## Data for this exercise
(* Assume the setting below, on the A-mesh $S_{1/\varepsilon}$ (i.e. $\lambda=\varepsilon^{-1}$) with mesh parameter $a>3$. There exist $N_0$ and $C$, both independent of $\varepsilon$, such that for all $N\ge N_0$, \[ |\tau_i[y]|\le C\begin{cases} (\ln\varepsilon)^2N^{-2}, & 1\le i\le J-1,\\ \min\{\varepsilon,N^{-1}\}N^{-1}+\varepsilon^2N^{-1}, & i=J,\\ \min\{\varepsilon,N^{-1}\}N^{-1}, & J+1\le i\le N-1.\end{cases} \]
   Context: Let $0<\varepsilon<1$. Let $b,c,f\in C^4[0,1]$, and let $\beta$ be a constant with $b(x)>\beta>0$ and $c(x)\ge0$ on $[0,1]$. Let $u$ be the solution of $-\varepsilon u''-bu'+cu=f$ on $(0,1)$ with $u(0)=u(1)=0$. Let $u_0$ be the solution of $-bu_0'+cu_0=f$ on $(0,1)$ with $u_0(1)=0$. Set $w=u-u_0$, $v(x)=-\frac{\varepsilon u'(0)}{b(0)}e^{-b(0)x/\varepsilon}$ and $y=w-v$. Mesh $S_\lambda$, $\lambda\in\{N,\varepsilon^{-1}\}$. $N$ is a positive integer. $Q\in(0,1)$ is a fixed rational with $J=QN$ an integer, and $a>0$. Set $\xi=(a\varepsilon/\beta)\ln\lambda$, assumed $\le Q$, and $h=\xi/J$, $H=(1-\xi)/(N-J)$. The mesh points are $x_i=ih$ ($0\le i\le J$) and $x_i=\xi+(i-J)H$ ($J\le i\le N$). Write $h_i=x_i-x_{i-1}$ and $\hbar_i=(h_i+h_{i+1})/2$. Define $D^+g(x_i)=(g(x_{i+1})-g(x_i))/h_{i+1}$, $D^-g(x_i)=(g(x_i)-g(x_{i-1}))/h_i$, $D''g(x_i)=(D^+g(x_i)-D^-g(x_i))/\hbar_i$. Let $\sigma(\rho)=2\rho/(e^{2\rho}-1)$ for $\rho>0$, $\sigma(0)=1$, and $\rho_i=b(x_i)h_{i+1}/(2\varepsilon)$. The truncation error of the ASI scheme is $\tau_i[g]=-\varepsilon\sigma(\rho_i)D''g(x_i)-b(x_i)D^+g(x_i)+\varepsilon g''(x_i)+b(x_i)g'(x_i)$ for $1\le i\le N-1$. *)

From Stdlib Require Import Reals Lra.
From Coquelicot Require Import Coquelicot.
Open Scope R_scope.
Theorem theorem6p8 (Lab : finType) (C : LGraph Lab -> Prop) (psi : formula Lab) :
  uniformly_quasi_wide C -> interpretation_formula psi ->
  forall m : nat, exists p : nat,
    forall G : LGraph Lab, C G ->
    forall S : {set V G},
      independent_in (diff_equiv (I_rel psi G) m) S -> #|S| <= p.
Proof.
move=> quasi_wide _ m; pose Q := m + qrank psi.
have [N [s sepN]] := quasi_wide (2 ^ Q.+1).
exists (N #|ltype Lab s Q 1|.+1) => G CG S indS; rewrite leqNgt; apply/negP => bigS.
have [T [Ts [B [BS [bigB farB]]]]] := sepN _ G CG S (ltnW bigS).
have [b0 _] : exists b0, b0 \in B by apply/card_gt0P; apply: leq_trans bigB.
have [t Tt] := ord_cover b0 Ts.
have [u [v [uB vB uv same_tp]]] :=
  not_injective_in (fun u => local_type T t Q 1 (fun=> u)) bigB.
have /setDP[uS uT] := subsetP BS u uB; have /setDP[vS vT] := subsetP BS v vB.
have far_uv : ~~ nearb T (2 ^ Q.+1) u v by apply/negP => /nearP; apply: farB.
exact: indS uS vS uv (far_same_type_diff_equiv Tt uT vT far_uv same_tp).
Qed.
(* Let $G=(V,E)$ be a connected undirected unweighted graph in which every node has a self-loop. Then the set function $S\mapsto\operatorname{fp}^{\infty}(G^S)$ on subsets of $V$ is submodular.
   Context: Positional Voter model. A graph $G=(V,E,w)$ has node set $V$ with $|V|=n$, edge set $E\subseteq V\times V$ and weights $w\colon E\to\mathbb{R}_{>0}$; $\operatorname{in}(u)=\{v\in V:(v,u)\in E\}$. ''Undirected unweighted'' means $E$ is symmetric and $w\equiv 1$; ''self-loop at $u$'' means $(u,u)\in E$. A configuration is a set $X\subseteq V$ (the nodes carrying the novel trait $A$). Given a biased set $S\subseteq V$ and bias $\delta\ge 0$, define $f^S_X(v\mid u)=1+\delta$ if $v\in X$ and $u\in S$, and $1$ otherwise. The process $(\mathcal{X}_t)_{t\ge0}$: given $\mathcal{X}_t=X$, a node $u$ is chosen uniformly at random from $V$, then $v\in\operatorname{in}(u)$ is chosen with probability $\frac{f^S_X(v\mid u)\,w(v,u)}{\sum_{x\in\operatorname{in}(u)} f^S_X(x\mid u)\,w(x,u)}$, and $\mathcal{X}_{t+1}=X\cup\{u\}$ if $v\in X$, $\mathcal{X}_{t+1}=X\setminus\{u\}$ otherwise. Define $\operatorname{fp}(G^S,\delta,X)=\mathbb{P}[\exists t\ge0:\mathcal{X}_t=V\mid\mathcal{X}_0=X]$, $\operatorname{fp}(G^S,\delta)=\frac1n\sum_{u\in V}\operatorname{fp}(G^S,\delta,\{u\})$, and $\operatorname{fp}^{\infty}(G^S)=\lim_{\delta\to\infty}\operatorname{fp}(G^S,\delta)$. A set function $f$ on subsets of $V$ is submodular if $f(S_1)+f(S_2)\ge f(S_1\cup S_2)+f(S_1\cap S_2)$ for all $S_1,S_2\subseteq V$. *)

From HB Require Import structures.
From mathcomp Require Import all_boot all_order all_algebra.
From mathcomp Require Import all_classical all_reals all_analysis.
Set Implicit Arguments. Unset Strict Implicit. Unset Printing Implicit Defensive.
Import Order.TTheory GRing.Theory Num.Theory.
Import numFieldTopology.Exports numFieldNormedType.Exports.
Local Open Scope ring_scope.

Section PositionalVoter.
Variables (R : realType) (V : finType).
(* E v u : the (unweighted) edge (v,u) is in E; all weights are 1. *)
Variable E : rel V.
Variables (S : {set V}) (delta : R).

Definition pv_fitness (X : {set V}) (v u : V) : R :=
  if (v \in X) && (u \in S) then 1 + delta else 1.

Definition pv_step (X : {set V}) (u v : V) : {set V} :=
  if v \in X then u |: X else X :\ u.

Definition pv_trans (X Y : {set V}) : R :=
  \sum_(u : V) (#|V|%:R)^-1 *
    \sum_(v : V | E v u)
       (pv_fitness X v u / \sum_(x : V | E x u) pv_fitness X x u)
       * (Y == pv_step X u v)%:R.

(* pv_hit T X = P[exists t <= T, X_t = V | X_0 = X] *)
Fixpoint pv_hit (T : nat) (X : {set V}) : R :=
  match T with
  | 0 => (X == [set: V])%:R
  | T'.+1 => if X == [set: V] then 1
             else \sum_(Y : {set V}) pv_trans X Y * pv_hit T' Y
  end.

Definition fp_conf (X : {set V}) : R := limn (fun T => pv_hit T X).

Definition fp : R := (#|V|%:R)^-1 * \sum_(u : V) fp_conf [set u].
End PositionalVoter.

Definition fp_inf (R : realType) (V : finType) (E : rel V) (S : {set V}) : R :=
  lim ((fun d : R => fp E S d) @ +oo%R)%classic.

Definition submodular (R : realType) (V : finType) (f : {set V} -> R) : Prop :=
  forall S1 S2 : {set V}, f (S1 :|: S2) + f (S1 :&: S2) <= f S1 + f S2.

From HB Require Import structures.
From mathcomp Require Import all_boot all_order all_algebra.
From mathcomp Require Import all_classical all_reals all_analysis.
From mathcomp Require Import ring lra.
Set Implicit Arguments. Unset Strict Implicit. Unset Printing Implicit Defensive.
Import Order.TTheory GRing.Theory Num.Theory.
Import numFieldTopology.Exports numFieldNormedType.Exports.
Local Open Scope ring_scope.

(* As delta -> +oo the transition matrix of the voter chain converges entrywise
   to that of a limit chain L_S: an updated node of S having a mutant
   in-neighbour copies a uniformly random mutant in-neighbour, every other
   node copies a uniformly random in-neighbour.

   Since
      L_S is absorbed in {empty, V} within |V| steps with probability at
      least |V|^(-2|V|) from every configuration, a squeeze argument gives
      fp(G^S, delta, X) -> 1 - ext_S(X), where ext_S(X) is the probability
      that L_S started at X dies out.
   3. Coupling with the neutral chain: ext_S(X) is the neutral probability
      that the mutant dies out and no node of S is ever updated while having
      a mutant in-neighbour.  This event is supermodular in S, hence so is
      ext_S(X), and fp^oo(G^S) = 1/|V| sum_u (1 - ext_S({u})) is submodular. *)

Section Hitting.
Variables (R : realType) (T : finType) (P : T -> T -> R).
Implicit Types (a b : pred T) (x y : T).

Fixpoint hit a n x : R :=
  match n with
  | 0 => (a x)%:R
  | n'.+1 => if a x then 1 else \sum_y P x y * hit a n' y
  end.

Definition closed_set a := forall x y, a x -> P x y != 0 -> a y.

Lemma hit_in a n x : a x -> hit a n x = 1.
Proof. by case: n => [|n] /= ->. Qed.

Lemma hit_closed_out a b n x :
  closed_set b -> (forall y, b y -> ~~ a y) -> b x -> hit a n x = 0.
Proof.
move=> b_cl ab; elim: n x => [|n IH] x bx /=; first by rewrite (negbTE (ab x bx)).
rewrite (negbTE (ab x bx)); apply: big1 => y _.
have [->|/(b_cl _ _ bx)/IH ->] := eqVneq (P x y) 0; by rewrite ?mul0r ?mulr0.
Qed.

Lemma hit_predU a b n x : closed_set a -> closed_set b ->
  (forall y, a y -> ~~ b y) -> hit (predU a b) n x = hit a n x + hit b n x.
Proof.
move=> a_cl b_cl ab.
have ba y : b y -> ~~ a y by move=> ay; apply/negP => /ab; rewrite ay.
elim: n x => [|n IH] x.
  by rewrite /=; case ax: (a x); [rewrite (negbTE (ab x ax)) addr0 | rewrite add0r].
case ax: (a x); first by rewrite (hit_closed_out n.+1 a_cl ab ax) addr0 /= ax.
case bx: (b x); first by rewrite (hit_closed_out n.+1 b_cl ba bx) add0r /= ax bx.
by rewrite /= ax bx -big_split /=; apply: eq_bigr => y _; rewrite IH mulrDr.
Qed.

Section Stochastic.
Hypothesis P_ge0 : forall x y, 0 <= P x y.
Hypothesis P_sum1 : forall x, \sum_y P x y = 1.

Lemma hit_ge0 a n x : 0 <= hit a n x.
Proof.
elim: n x => [|n IH] x /=; first by rewrite ler0n.
by case: (a x) => //; apply: sumr_ge0 => y _; exact: mulr_ge0.
Qed.

Lemma hit_le1 a n x : hit a n x <= 1.
Proof.
elim: n x => [|n IH] x /=; first by case: (a x); rewrite ?ler01.
case: (a x) => //; rewrite -(P_sum1 x); apply: ler_sum => y _.
by rewrite -{2}(mulr1 (P x y)); apply: ler_wpM2l.
Qed.

Lemma hit_mono a m n x : (m <= n)%N -> hit a m x <= hit a n x.
Proof.
have hitS k y : hit a k y <= hit a k.+1 y.
  elim: k y => [|k IH] y /=.
    by case: (a y) => //=; apply: sumr_ge0 => z _; rewrite mulr_ge0 ?ler0n.
  by case: (a y) => //; apply: ler_sum => z _; exact: ler_wpM2l.
move=> /subnK <-; elim: (n - m)%N => [|k IH] //=.
exact: le_trans IH (hitS _ _).
Qed.

Lemma hit_step a n x y : ~~ a x -> P x y * hit a n y <= hit a n.+1 x.
Proof.
move=> /negbTE /= ->; rewrite (bigD1 y) //= lerDl.
by apply: sumr_ge0 => z _; rewrite mulr_ge0 ?hit_ge0.
Qed.

Lemma hit_disjoint_le1 a b m n x : closed_set a -> closed_set b ->
  (forall y, a y -> ~~ b y) -> hit a m x + hit b n x <= 1.
Proof.
move=> a_cl b_cl ab; apply: le_trans (hit_le1 (predU a b) (maxn m n) x).
rewrite hit_predU //; apply: lerD; apply: hit_mono; [exact: leq_maxl | exact: leq_maxr].
Qed.

Lemma hit_descent a (phi : T -> nat) (eta : R) : 0 <= eta <= 1 ->
  (forall x, ~~ a x -> exists y, (phi y < phi x)%N /\ eta <= P x y) ->
  forall k x, (phi x <= k)%N -> eta ^+ k <= hit a k x.
Proof.
move=> /andP[eta_ge0 eta_le1] descent; elim=> [|k IH] x phi_x.
  case ax: (a x); first by rewrite hit_in // expr0.
  have [y [lt_phi _]] := descent x (negbT ax).
  by have := leq_trans lt_phi phi_x; rewrite ltn0.
case ax: (a x); first by rewrite hit_in // exprn_ile1.
have [y [lt_phi le_eta]] := descent x (negbT ax).
apply: le_trans (hit_step k y (negbT ax)).
rewrite exprS; apply: ler_pM; rewrite ?exprn_ge0 //.
by apply: IH; rewrite -ltnS (leq_trans lt_phi).
Qed.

## Your instructions
Print the line containing "move=> /subnK <-;" and every line after it to the end of the records above, exactly as written, and nothing else.

## Exercise response
move=> /subnK <-; elim: (n - m)%N => [|k IH] //=.
exact: le_trans IH (hitS _ _).
Qed.

Lemma hit_step a n x y : ~~ a x -> P x y * hit a n y <= hit a n.+1 x.
Proof.
move=> /negbTE /= ->; rewrite (bigD1 y) //= lerDl.
by apply: sumr_ge0 => z _; rewrite mulr_ge0 ?hit_ge0.
Qed.

Lemma hit_disjoint_le1 a b m n x : closed_set a -> closed_set b ->
  (forall y, a y -> ~~ b y) -> hit a m x + hit b n x <= 1.
Proof.
move=> a_cl b_cl ab; apply: le_trans (hit_le1 (predU a b) (maxn m n) x).
rewrite hit_predU //; apply: lerD; apply: hit_mono; [exact: leq_maxl | exact: leq_maxr].
Qed.

Lemma hit_descent a (phi : T -> nat) (eta : R) : 0 <= eta <= 1 ->
  (forall x, ~~ a x -> exists y, (phi y < phi x)%N /\ eta <= P x y) ->
  forall k x, (phi x <= k)%N -> eta ^+ k <= hit a k x.
Proof.
move=> /andP[eta_ge0 eta_le1] descent; elim=> [|k IH] x phi_x.
  case ax: (a x); first by rewrite hit_in // expr0.
  have [y [lt_phi _]] := descent x (negbT ax).
  by have := leq_trans lt_phi phi_x; rewrite ltn0.
case ax: (a x); first by rewrite hit_in // exprn_ile1.
have [y [lt_phi le_eta]] := descent x (negbT ax).
apply: le_trans (hit_step k y (negbT ax)).
rewrite exprS; apply: ler_pM; rewrite ?exprn_ge0 //.
by apply: IH; rewrite -ltnS (leq_trans lt_phi).
Qed.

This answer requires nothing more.